In questi mesi Draghi fa la parte del Godot che si aspetta ma non arriva mai. Perché non ha nessuna intenzione di dilapidare il prestigio anche internazionale conquistato in questi anni immischiandosi nelle piccole logiche compromissorie della politica italiana. Fateci caso, quando la politica chiama i tecnici, è perché essa stessa è strutturalmente in crisi e denuncia la propria impotenza a risolvere al proprio interno e nel recinto del proprio mandato istituzionale le questioni d’attualità. L’esperienza deludente di Mario Monti del 2011 non è stata messa a frutto.
Dunque Draghi viene conteso e reclamato da un vasto arco costituzionale che grosso modo va da Renzi a Berlusconi, passando per Salvini il che già depone sull’incoerenza della proposta. Draghi viene proposto come l’anti-Conte ma in realtà è la cartina di tornasole della crisi della politica. Del vuoto pneumatico in cui si dibatte, scalciando, l’opposizione. Che rinuncia a priori al proprio ruolo vero e tenace e, conscia di non poter proporre i propri consumati leader come autentica alternativa di sistema, sbandiera il nome di Draghi, inesportabile vessillo.
Nel nostro piccolo invece un’opzione la sosterremo con forza, ispirati dalla coerenza della società civile e dal suo gradimento. Perché non creare un forte fronte comune che spinga una possibile candidatura di Mario Draghi a presidente della Repubblica? Non dimentichiamo che questa opzione sarebbe sulla scia della valida ma bocciata chance di Stefano Rodotà.
Considerando che Mattarella non ha alcuna intenzione di imitare Napolitano e di ricandidarsi e valutando la demagogica quanto politicamente corretta intestazione di possibilità per un personaggio femminile a prescindere (citate Casellati, Bonino e Cartabia), l’orticello dei candidati appare insolitamente ristretto.
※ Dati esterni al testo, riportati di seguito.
Lemma affine_germ_of_fixing_piece f x0 s e a b c d :
  (s = 1 \/ s = -1) -> 0 < e -> a * d - b * c = 1 -> a * x0 + b = x0 * (c * x0 + d) ->
  (forall y, 0 < s * (y - x0) < e -> f (Some y) = mobius a b c d (Some y)) ->
  exists M, affine_germ (Some x0) f s M
    ((c * x0 + d) * (c * x0 + d)) (c * (c * x0 + d)).
Proof.
  intros Hs He Hdet Hfix Hf.
  pose proof (fixing_matrix_det a b c d x0 Hdet Hfix) as HD.
  assert (HD0 : c * x0 + d <> 0) by (intro Z; rewrite Z in HD; lra).
  exists (/ e + Rabs (c / (c * x0 + d))). intros u Hu. simpl.
  assert (Hie : 0 < / e) by (apply Rinv_0_lt_compat; lra).
  pose proof (Rabs_pos (c / (c * x0 + d))).
  assert (Hsu : / e < s * u) by lra.
  assert (Hu0 : u <> 0) by (intro Z; rewrite Z, Rmult_0_r in Hsu; lra).
  assert (Habs : Rabs u = s * u)
    by (destruct Hs as [-> | ->]; [rewrite Rabs_right | rewrite Rabs_left]; lra).
  assert (Hy : 0 < s * (x0 + / u - x0) < e).
  { replace (s * (x0 + / u - x0)) with (/ (s * u))
      by (destruct Hs as [-> | ->]; field; exact Hu0).
    split; [apply Rinv_0_lt_compat; lra |].
    rewrite <- (Rinv_inv e). apply Rinv_lt_contravar; [nra | exact Hsu]. }
  rewrite (Hf _ Hy). apply mobius_fixing_point_chart; [exact Hdet | exact Hfix | exact Hu0 |].
  intro Z. assert (Eu : u = - (c / (c * x0 + d))).
  { apply (Rmult_eq_reg_l (c * x0 + d)); [| exact HD0].
    replace ((c * x0 + d) * - (c / (c * x0 + d))) with (- c) by (field; exact HD0). lra. }
  rewrite Eu, Rabs_Ropp in Habs. rewrite Eu in Hu. lra.
Qed.

Lemma mobius_far_value a b c d y :
  a * d - b * c = 1 -> c <> 0 -> 1 < Rabs (c * (c * y + d)) ->
  exists t, mobius a b c d (Some y) = Some t /\ Rabs t < Rabs (a / c) + 1.
Proof.
  intros Hdet Hc Hbig. simpl.
  destruct (Req_EM_T (c * y + d) 0) as [E | E].
  { rewrite E, Rmult_0_r, Rabs_R0 in Hbig. lra. }
  eexists. split; [reflexivity |].
  assert (Hb : b = (a * d - 1) / c).
  { apply (Rmult_eq_reg_r c); [| exact Hc].
    replace ((a * d - 1) / c * c) with (a * d - 1) by (field; exact Hc). lra. }
  replace ((a * y + b) / (c * y + d)) with (a / c + - / (c * (c * y + d)))
    by (rewrite Hb; field; split; assumption).
  eapply Rle_lt_trans; [apply Rabs_triang |].
  rewrite Rabs_Ropp, Rabs_inv.
  assert (/ Rabs (c * (c * y + d)) < 1) by (rewrite <- Rinv_1; apply Rinv_1_lt_contravar; lra).
  lra.
Qed.

(* A piece u -> (a u + b) / (c u + d) with c <> 0 tends to a / c at infinity, whereas continuity
   of f at the fixed point infinity forces f to tend to infinity. *)
Lemma piece_at_infinity_affine f s X a b c d :
  P1_continuous_at f None -> f None = None -> (s = 1 \/ s = -1) -> a * d - b * c = 1 ->
  (forall y, X < s * y -> f (Some y) = mobius a b c d (Some y)) -> c = 0.
Proof.
  intros Hcont Hp Hs Hdet Hf.
  destruct (Req_EM_T c 0) as [E | E]; [exact E | exfalso].
  assert (Hnbhd : P1_nbhd (f None)
            (fun z => z = None \/ exists t, z = Some t /\ Rabs (a / c) + 1 < Rabs t)).
  { rewrite Hp. split; [left; reflexivity |]. exists (Rabs (a / c) + 1). eauto. }
  destruct (Hcont _ Hnbhd) as [_ [M HM]].
  assert (Pc : 0 < Rabs c) by (apply Rabs_pos_lt; exact E).
  assert (Ec : Rabs c * / Rabs c = 1) by (field; lra).
  assert (Hq : 0 <= (Rabs d + / Rabs c) / Rabs c).
  { pose proof (Rabs_pos d). assert (0 < / Rabs c) by (apply Rinv_0_lt_compat; lra).
    apply Rle_mult_inv_pos; lra. }
  set (Y := Rabs X + Rabs M + (Rabs d + / Rabs c) / Rabs c + 1).
  assert (HYXM : Rabs X + Rabs M + 1 <= Y) by (unfold Y; lra).
  pose proof (Rle_abs X). pose proof (Rle_abs M). pose proof (Rabs_pos X). pose proof (Rabs_pos M).
  assert (HY : Rabs d + / Rabs c < Rabs c * Y).
  { assert (Rabs c * ((Rabs d + / Rabs c) / Rabs c) = Rabs d + / Rabs c) by (field; lra).
    unfold Y. nra. }
  assert (HsY : Rabs (s * Y) = Y)
    by (rewrite Rabs_mult, Rabs_side, Rmult_1_l by exact Hs; apply Rabs_right; lra).
  assert (HX : X < s * (s * Y))
    by (replace (s * (s * Y)) with Y by (destruct Hs as [-> | ->]; ring); lra).
  assert (HM' : M < Rabs (s * Y)) by lra.
  assert (Hbig : 1 < Rabs (c * (c * (s * Y) + d))).
  { pose proof (Rabs_triang_inv (c * (s * Y)) (- d)) as Tr.
    rewrite Rabs_Ropp, Rabs_mult, HsY in Tr.
    replace (c * (s * Y) - - d) with (c * (s * Y) + d) in Tr by ring.
    rewrite Rabs_mult. nra. }
  destruct (mobius_far_value a b c d (s * Y) Hdet E Hbig) as [t [Ht Hlt]].
  destruct (HM _ HM') as [Hn | [t' [Ht' Hlt']]]; rewrite (Hf _ HX), Ht in *;
    [discriminate | injection Ht' as <-; lra].
Qed.

Lemma stabiliser_affine_near f p : in_G f -> f p = p -> affine_near positive_slope p f.
Proof.
  intros [f' [_ [Hc [_ Hpw]]]] Hp. split; [exact Hp |]. intros s Hs.
  destruct p as [x0 |].
  - destruct (piece_beside_point f x0 s Hpw Hs) as [e [a [b [c [d [He [Hdet Hf]]]]]]].
    pose proof (piece_fixes_point f x0 s e a b c d (Hc _) Hp Hs He Hf) as Hfix.
    destruct (affine_germ_of_fixing_piece f x0 s e a b c d Hs He Hdet Hfix Hf) as [M G].
    exists M, ((c * x0 + d) * (c * x0 + d)), (c * (c * x0 + d)). split; [| exact G].
    pose proof (fixing_matrix_det a b c d x0 Hdet Hfix) as HD.
    apply Rsqr_pos_lt. intro Z. rewrite Z in HD. lra.
  - destruct (piece_near_infinity f s Hpw Hs) as [X [a [b [c [d [Hdet Hf]]]]]].
    pose proof (piece_at_infinity_affine f s X a b c d (Hc _) Hp Hs Hdet Hf) as ->.
    assert (Had : a * d = 1) by lra.
    exists X, (a * a), (a * b). split.
    + apply Rsqr_pos_lt. intro Z. rewrite Z in Had. lra.
    + intros u Hu. simpl. rewrite (Hf u Hu). simpl.
      destruct (Req_EM_T (0 * u + d) 0) as [Z | Z]; [exfalso; nra |].
      f_equal. apply (Rmult_eq_reg_r d); [| lra].
      transitivity ((a * u + b) * (a * d)); [rewrite Had; field; lra | ring].
Qed.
Fuori dal contesto Prodi per raggiunti limiti di età e Berlusconi, per quel motivo ma anche per un minimo di decenza, la popolarità prismatica di Mario Draghi potrebbe avere un seducente appeal in cui tutte le forze politiche potrebbero riconoscersi. La stima acquisita potrebbe essere spesa per un ruolo di eccezionale garante. E, del resto, non sarebbe la prima volta di un presidente della Repubblica espresso dal mondo dell’economia. Basti ricordare Einaudi o, più recentemente, Ciampi, ancorché curiosamente laureato in economia.